Quand Spark me poussa je compris que je devais revenir m'assoir. En passant à côté de la table des Anglais, j'entendis leurs moqueries.
C'est là que je vis le journal en question. Sur la table, sous le coude de McLaggen, je pus lire le gros titre : Harry Potter demande la réouverture du dossier Flint !
Un sourire perfide étira mes lèvres. Potter avait assez d'influence pour me garantir une victoire.
Je n'entendis pas grand chose de la performance des Anglais tant leurs "fans" hurlaient fort. Et comme je savais déjà qu'ils avaient gagné tous leurs matchs, il n'y avait aucune surprise.
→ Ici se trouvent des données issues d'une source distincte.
Lemma alpha_edge_on_side_point k (alpha : R) a c C s : 0 < alpha < pi -> a <> c ->
  alpha_edge_on_side k alpha a c C s -> exists2 p, C p & open_halfplane a c s p.
Proof.
move=> alpha_range ac; case: k => /= [[b side [_ sub_ab _]] | apex].
  by exists b => //; apply/sub_ab/segment_right.
by exists (arc_apex alpha a c s) => //; apply: open_halfplane_arc_apex.
Qed.

Section PlaneMultigraph.
Variables (k : edge_kind) (alpha : R) (V E : finType) (pos : V -> pt2 R).
Variables (src tgt : E -> V) (curve : E -> set (pt2 R)).
Hypothesis plane : plane_alpha_multigraph k alpha pos src tgt curve.
Variables (a c : pt2 R).
Local Notation between := (edge_between pos src tgt a c).

Lemma between_alpha_edge e : between e -> is_alpha_edge k alpha a c (curve e).
Proof.
have [_ _ edge _ _] := plane.
by case=> -[<- <-]; [| apply: is_alpha_edge_sym]; exact: edge.
Qed.

Lemma shared_point_off_halfplane e1 e2 p s : between e1 -> e1 != e2 ->
  curve e1 p -> curve e2 p -> ~ open_halfplane a c s p.
Proof.
have [_ _ _ simple _] := plane.
move=> between1 ne p1 p2 /open_halfplane_ends; apply.
have [v [-> [ends _]]] := simple _ _ ne _ p1 p2.
by case: between1 => -[<- <-]; case: ends => ->; [left | right | right | left].
Qed.

Lemma alpha_edge_on_side_uniq e1 e2 s : 0 < alpha < pi -> a <> c ->
  between e1 -> alpha_edge_on_side k alpha a c (curve e1) s ->
  alpha_edge_on_side k alpha a c (curve e2) s -> e1 = e2.
Proof.
move=> alpha_range ac between1 w1 w2; have [// | ne] := eqVneq e1 e2; exfalso.
have off := shared_point_off_halfplane between1 ne.
case: k plane w1 w2 => _ /=.
  move=> [b1 side1 [angle1 sub_ab1 sub_b1c]] [b2 side2 [angle2 sub_ab2 sub_b2c]].
  have [p side [[p2 p1] | [p1 p2]]] :=
    inscribed_bends_cross side1 side2 (etrans angle1 (esym angle2)).
  - exact: off (sub_b1c _ p1) (sub_ab2 _ p2) side.
  - exact: off (sub_ab1 _ p1) (sub_b2c _ p2) side.
by move=> apex1 apex2; apply: off apex1 apex2 (open_halfplane_arc_apex _ _ _).
Qed.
- Mesdames et Messieurs, les deux équipes qui s'affronteront à nouveau dans trois jours lors de la finale des éliminatoires du Royaume-Uni sont... l'Angleterre et le Pays de Galles !
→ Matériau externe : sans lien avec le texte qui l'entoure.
(* Let $\epsilon>0$, $\delta>0$, and let $\rho$ be a pure $n$-qubit state. Then $N=O(n\log(1/\delta)/\epsilon^2)$ pairs of copies $\rho\otimes\rho$ suffice to produce, with probability $1-\delta$, simultaneously for all $x=(v_1,w_1,\dots,v_n,w_n)\in\{0,1\}^{2n}$ and all $1\le k\le n$: estimates $\pi_\rho(v_1,w_1,\dots,v_k,w_k)$ with $|\pi_\rho(v_1,w_1,\dots,v_k,w_k)-p_\rho(v_1,w_1,\dots,v_k,w_k)|\le\epsilon/2^k$, and estimates $\pi_\rho(v_1,w_1,\dots,v_k)$ with $|\pi_\rho(v_1,w_1,\dots,v_k)-p_\rho(v_1,w_1,\dots,v_k)|\le 2\epsilon/2^k$.
   Context: Pauli strings are labelled by $x=(v_1,w_1,\dots,v_n,w_n)\in\{0,1\}^{2n}$ via $P_x=i^{v\cdot w}(X^{v_1}Z^{w_1})\otimes\cdots\otimes(X^{v_n}Z^{w_n})$. The Pauli distribution of a pure state is $p_\rho(x)=\mathrm{tr}(\rho P_x)^2/2^n$, viewed as a distribution on bit strings of length $2n$; $p_\rho(v_1,w_1,\dots,v_k,w_k)$ and $p_\rho(v_1,w_1,\dots,v_k)$ denote its marginals on the first $2k$ and first $2k-1$ bits respectively (sums over all remaining bits). *)

From HB Require Import structures.
From mathcomp Require Import all_boot all_order all_algebra.
From mathcomp Require Import complex.
From mathcomp Require Import reals exp.
Set Implicit Arguments. Unset Strict Implicit. Unset Printing Implicit Defensive.
Import Order.TTheory GRing.Theory Num.Theory.
Local Open Scope ring_scope.
Local Open Scope complex_scope.

Section Pauli.
Variable R : realType.
Local Notation C := R[i].

Definition bits (n : nat) := {ffun 'I_n -> bool}.
(* Pauli labels x = (v_1,w_1,...,v_n,w_n), stored as x i = (v_{i+1}, w_{i+1}) *)
Definition plabel (n : nat) := {ffun 'I_n -> bool * bool}.

(* matrix entry <a| P_x |b>, P_x = i^{v.w} (X^{v_1}Z^{w_1}) (x) ... (x) (X^{v_n}Z^{w_n});
   (X^v Z^w)|b> = (-1)^{w b} |b xor v> *)
Definition pauli_entry n (x : plabel n) (a b : bits n) : C :=
  'i ^+ (\sum_(i < n) ((x i).1 && (x i).2 : nat))%N *
  \prod_(i < n) ((a i == xorb (b i) (x i).1)%:R * (-1) ^+ ((x i).2 && b i)).

Definition pure_state n (psi : {ffun bits n -> C}) : Prop :=
  \sum_(a : bits n) (psi a)^* * psi a = 1.

(* tr(rho P_x) with rho = |psi><psi| *)
Definition pauli_expval n (psi : {ffun bits n -> C}) (x : plabel n) : C :=
  \sum_(a : bits n) \sum_(b : bits n) (psi a)^* * pauli_entry x a b * psi b.

Definition pauli_dist n (psi : {ffun bits n -> C}) (x : plabel n) : C :=
  pauli_expval psi x ^+ 2 / (2 ^+ n).

(* p_rho(v_1,w_1,...,v_k,w_k): marginal on the first 2k bits of x *)
Definition marg_even n (psi : {ffun bits n -> C}) (k : nat) (x : plabel n) : C :=
  \sum_(y : plabel n | [forall i : 'I_n, (i < k)%N ==> (y i == x i)])
     pauli_dist psi y.

(* p_rho(v_1,w_1,...,v_k): marginal on the first 2k-1 bits of x *)
Definition marg_odd n (psi : {ffun bits n -> C}) (k : nat) (x : plabel n) : C :=
  \sum_(y : plabel n | [forall i : 'I_n,
          ((i.+1 < k)%N ==> (y i == x i)) &&
          ((i.+1 == k)%N ==> ((y i).1 == (x i).1))])
     pauli_dist psi y.

(* Hilbert space of N pairs of copies rho (x) rho: basis indexed by
   'I_N -> bits n * bits n *)
Definition pairs_basis (n N : nat) := {ffun 'I_N -> bits n * bits n}.

(* the state vector |psi>^{(x) 2N} = (|psi> (x) |psi>)^{(x) N} *)
Definition copies n N (psi : {ffun bits n -> C}) (t : pairs_basis n N) : C :=
  \prod_(j < N) (psi (t j).1 * psi (t j).2).

Definition is_povm (T O : finType) (M : O -> T -> T -> C) : Prop :=
  (forall o (v : T -> C), 0 <= \sum_(a : T) \sum_(b : T) (v a)^* * M o a b * v b) /\
  (forall a b : T, \sum_(o : O) M o a b = (a == b)%:R).

Definition povm_prob (T O : finType) (M : O -> T -> T -> C) (Psi : T -> C)
  (S : pred O) : C :=
  \sum_(o : O | S o) \sum_(a : T) \sum_(b : T) (Psi a)^* * M o a b * Psi b.

End Pauli.

From mathcomp Require Import all_boot all_order all_algebra.
From mathcomp Require Import complex.
From mathcomp Require Import reals exp sequences.
From mathcomp Require Import ring lra zify.
Set Implicit Arguments. Unset Strict Implicit. Unset Printing Implicit Defensive.
Import Order.TTheory GRing.Theory Num.Theory.
Local Open Scope ring_scope.
Local Open Scope complex_scope.

(* Measuring a copy of rho (x) rho in the Bell basis gives an
   outcome al in {0,1}^(2n) with probability q(al) = |<Phi_al|psi (x) psi>|^2, and
   the Bell-basis expansion of P_y (x) P_y gives tr(rho P_y)^2 = sum_al q(al) chi_al(y)
   for a +-1 character chi_al.  Summing chi_al(y) over the y extending a fixed prefix
   of length 2k gives +-2^(n-k), so 2^k p_rho(v_1,w_1,...,v_k,w_k) is the q-mean of a
   +-1-valued function of al.  By Hoeffding's inequality its empirical mean over N
   samples is eps-accurate except with probability 2 exp(-N eps^2/32), and a union
   bound over the 4^n n pairs (x, k) gives N = O(n log(1/delta)/eps^2).  Marginals
   on 2k-1 bits are sums of two marginals on 2k bits. *)

Section SingleQubit.
Variable T : comNzRingType.

Definition pauli1 (x : bool * bool) (a b : bool) : T :=
  (a == xorb b x.1)%:R * (-1) ^+ (x.2 && b).

Definition bell_sign1 (al x : bool * bool) : T :=
  (-1) ^+ (x.1 && x.2) * (-1) ^+ (x.2 && al.1) * (-1) ^+ (al.2 && x.1).

Lemma sum_bool_pair (F : bool * bool -> T) :
  \sum_x F x = F (false, false) + F (false, true) + F (true, false) + F (true, true).
Proof.
rewrite (eq_bigr (fun x => F (x.1, x.2))); last by case.
by rewrite -(pair_bigA _ (fun a b => F (a, b))) !big_bool /=; ring.
Qed.

Lemma pauli1_tensor x a b c d :
  2 * ((-1) ^+ (x.1 && x.2) * pauli1 x a b * pauli1 x c d) =
  \sum_al bell_sign1 al x * pauli1 al c a * pauli1 al d b.
Proof.
rewrite sum_bool_pair /bell_sign1 /pauli1.
by case: x => [[] []]; case: a; case: b; case: c; case: d => /=; ring.
Qed.

Lemma sum_pauli1_bell a b c d :
  \sum_al pauli1 al c a * pauli1 al d b = 2 * ((a == b) && (c == d))%:R.
Proof.
rewrite sum_bool_pair /pauli1.
by case: a; case: b; case: c; case: d => /=; ring.
Qed.

Lemma sum_bell_sign1 al : \sum_x bell_sign1 al x = 2 * (-1) ^+ (al.1 && al.2).
Proof. by rewrite sum_bool_pair /bell_sign1; case: al => [[] []] /=; ring. Qed.

End SingleQubit.

Section Qubits.
Variable T : comNzRingType.

Lemma prodr_nat_forall (I : finType) (P : pred I) :
  \prod_i ((P i)%:R : T) = [forall i, P i]%:R.
Proof.
have [/forallP allP | /forallPn [i nPi]] := boolP [forall i, P i].
  by rewrite big1 // => i _; rewrite allP.
by rewrite (bigD1 i) //= (negbTE nPi) mul0r.
Qed.

Lemma prodr_nat_eq_ffun (I : finType) (X : eqType) (f g : {ffun I -> X}) :
  \prod_i ((f i == g i)%:R : T) = (f == g)%:R.
Proof.
have -> : (f == g) = [forall i, f i == g i] by apply/eqP/eqfunP => [-> // | /ffunP].
exact: prodr_nat_forall.
Qed.

Variable n : nat.

(* <a| X^v_1 Z^w_1 (x) ... (x) X^v_n Z^w_n |b>, i.e. pauli_entry without the phase i^(v.w) *)
Definition pauli_amp (y : plabel n) (a b : bits n) : T := \prod_i pauli1 T (y i) (a i) (b i).

(* Amplitude at |s.1>|s.2> of the unnormalised Bell vector sum_b |b> (x) X^u Z^v |b>. *)
Definition bell_amp (al : plabel n) (s : bits n * bits n) : T := pauli_amp al s.2 s.1.

Definition bell_sign (al y : plabel n) : T := \prod_i bell_sign1 T (al i) (y i).

Lemma sum_bell_amp s s' : \sum_al bell_amp al s * bell_amp al s' = 2 ^+ n * (s == s')%:R.
Proof.
rewrite (eq_bigr (fun al : plabel n => \prod_i
    (pauli1 T (al i) (s.2 i) (s.1 i) * pauli1 T (al i) (s'.2 i) (s'.1 i)))); last first.
  by move=> al _; rewrite -big_split.
rewrite -(bigA_distr_bigA (fun i x => pauli1 T x (s.2 i) (s.1 i) * pauli1 T x (s'.2 i) (s'.1 i))).
rewrite (eq_bigr (fun i => 2 * ((s.1 i == s'.1 i)%:R * (s.2 i == s'.2 i)%:R))); last first.
  by move=> i _; rewrite sum_pauli1_bell -mulnb natrM.
rewrite big_split prodr_const card_ord big_split /= !prodr_nat_eq_ffun -natrM mulnb.
by case: s s' => [a c] [b d]; rewrite xpair_eqE.
Qed.

Lemma pauli_amp_tensor (y : plabel n) (a b c d : bits n) :
  2 ^+ n * ((-1) ^+ (\sum_i ((y i).1 && (y i).2) : nat) * pauli_amp y a b * pauli_amp y c d) =
  \sum_al bell_sign al y * bell_amp al (a, c) * bell_amp al (b, d).
Proof.
rewrite (eq_bigr (fun al : plabel n => \prod_i
    (bell_sign1 T (al i) (y i) * pauli1 T (al i) (c i) (a i) * pauli1 T (al i) (d i) (b i))));
  last by move=> al _; rewrite -!big_split.
rewrite -(bigA_distr_bigA (fun i x =>
    bell_sign1 T x (y i) * pauli1 T x (c i) (a i) * pauli1 T x (d i) (b i))) /=.
rewrite -(eq_bigr _ (fun i _ => pauli1_tensor _ (y i) (a i) (b i) (c i) (d i))).
rewrite big_split prodr_const card_ord /=; congr (_ * _).
rewrite (big_morph (fun k => (-1 : T) ^+ k) (exprD _) (expr0 _)).
by rewrite /pauli_amp -!big_split.
Qed.

End Qubits.

Lemma pauli_entry_tensor (R : realType) n (y : plabel n) (a b c d : bits n) :
  2 ^+ n * (pauli_entry R y a b * pauli_entry R y c d) =
  \sum_al bell_sign R[i] al y * bell_amp R[i] al (a, c) * bell_amp R[i] al (b, d).
Proof.
rewrite -pauli_amp_tensor /pauli_entry; set m := (\sum_i _)%N.
have -> : (-1) ^+ m = 'i ^+ m * 'i ^+ m :> R[i] by rewrite -exprMn -expr2 sqr_i.
by rewrite /pauli_amp; congr (_ * _); ring.
Qed.

Lemma rmorph_bell_amp (T T' : comNzRingType) (f : {rmorphism T -> T'}) n al s :
  f (bell_amp T (n := n) al s) = bell_amp T' al s.
Proof.
rewrite rmorph_prod; apply: eq_bigr => i _.
by rewrite rmorphM rmorphXn rmorph_nat rmorphN1.
Qed.

Lemma rmorph_bell_sign (T T' : comNzRingType) (f : {rmorphism T -> T'}) n (al y : plabel n) :
  f (bell_sign T al y) = bell_sign T' al y.
Proof.
rewrite rmorph_prod; apply: eq_bigr => i _.
by rewrite !rmorphM !rmorphXn rmorphN1.
Qed.

Lemma conj_real_complex (R : realType) (x : R) : Num.conj x%:C = x%:C.
Proof. exact: conjc_real. Qed.

Lemma mulr_sum2 (T : comNzRingType) (I J K L : finType) (F : I -> J -> T) (G : K -> L -> T) :
  (\sum_i \sum_j F i j) * (\sum_k \sum_l G k l) = \sum_i \sum_k \sum_j \sum_l F i j * G k l.
Proof.
rewrite big_distrl; apply: eq_bigr => i _; rewrite big_distrl [RHS]exchange_big /=.
apply: eq_bigr => j _; rewrite big_distrr; apply: eq_bigr => k _; exact: big_distrr.
Qed.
Les hurlements à notre table me firent sursauter et me crevèrent les tympans. Même Père n'arrêtait pas son monologue sur sa fierté et la grandeur familiale que je perpétrais et blablabla et blablabla...
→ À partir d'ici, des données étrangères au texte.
(* Let $\gamma>0$, $p\geq1$, and $B\geq A$ be real numbers. Let $(a,b)\subseteq\mathbb{R}$ be an interval, and let $v:\mathcal{D}\cap(a,b)\to[A,B]$ be a function. Assume there exist two integers $\alpha,\beta$ with $a<\alpha<\beta<b$ such that $v(\alpha)=A$ and $v(\beta)=B$. Then for every $\delta\in[1/2,1]$ and every real number $\lambda\geq2^{1+\gamma/p}(B-A)$, $$DF_{\gamma,p,\lambda}(\delta,v,(a,b))\geq\frac{1}{2^{\gamma+1}-1}\cdot\frac{1}{\lambda^p\delta^{p+\gamma}}\cdot\frac{(B-A)^p}{(\beta-\alpha)^{p-1}}.$$
   Context: Let $\psi_{\gamma,p,\lambda}(\delta,\Delta)=1$ if $\Delta>\lambda\delta^{1+\gamma/p}$ and $0$ otherwise, for $(\delta,\Delta)\in[0,\infty)^2$. Let $\mathcal{D}=\{i/2^k:i\in\mathbb{Z},k\in\mathbb{N}\}$ be the dyadic numbers. For an interval $(a,b)$ and integer $k\geq0$, let $\mathcal{D}_k(a,b)=\{i\in\mathbb{Z}:[i/2^k,(i+1)/2^k]\subseteq(a,b)\}$. For $\delta>0$ and $v:\mathcal{D}\cap(a,b)\to\mathbb{R}$, the dyadic functional is $$DF_{\gamma,p,\lambda}(\delta,v,(a,b))=\sum_{k=0}^\infty\frac{1}{2^{k(\gamma+1)}}\sum_{i\in\mathcal{D}_k(a,b)}\psi_{\gamma,p,\lambda}\!\left(\frac{\delta}{2^k},\left|v\!\left(\tfrac{i+1}{2^k}\right)-v\!\left(\tfrac{i}{2^k}\right)\right|\right).$$ *)

From HB Require Import structures.
From mathcomp Require Import all_boot all_order all_algebra.
From mathcomp Require Import all_classical all_reals all_analysis.
Set Implicit Arguments. Unset Strict Implicit. Unset Printing Implicit Defensive.
Import Order.TTheory GRing.Theory Num.Theory.
Local Open Scope classical_set_scope.
Local Open Scope ring_scope.

Definition psi {R : realType} (gamma p lambda : R) (delta Delta : R) : R :=
  if lambda * delta `^ (1 + gamma / p) < Delta then 1 else 0.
- Bon, bah on va fêter ça ce soir ! proposa Thomas
Stefen nous balança les exemplaires de cinq journaux. La une du journal sportif était accompagnée d'une photo de moi en train de tomber dans les pommes. Glorieux.
Et... Oh non... Mon interview avec la journaliste d'hier... Quelle horreur...
- Marcus ! s'exclama Martinson en me montrant la Gazette du Sorcier
Je pâlis et Père tourna la tête vers moi. Il suivit mon regard et pâlit à son tour.
Il darda son regard furieux sur moi :
- De quoi est-ce que ça parle ?
Je jetai un rapide coup d'oeil derrière moi. Potter s'alarma. Il accourut vers nous, flanqué par deux de ses acolytes.
- Monsieur Flint, lâcha-t-il d'un ton sec. Vous êtes prié de nous suivre.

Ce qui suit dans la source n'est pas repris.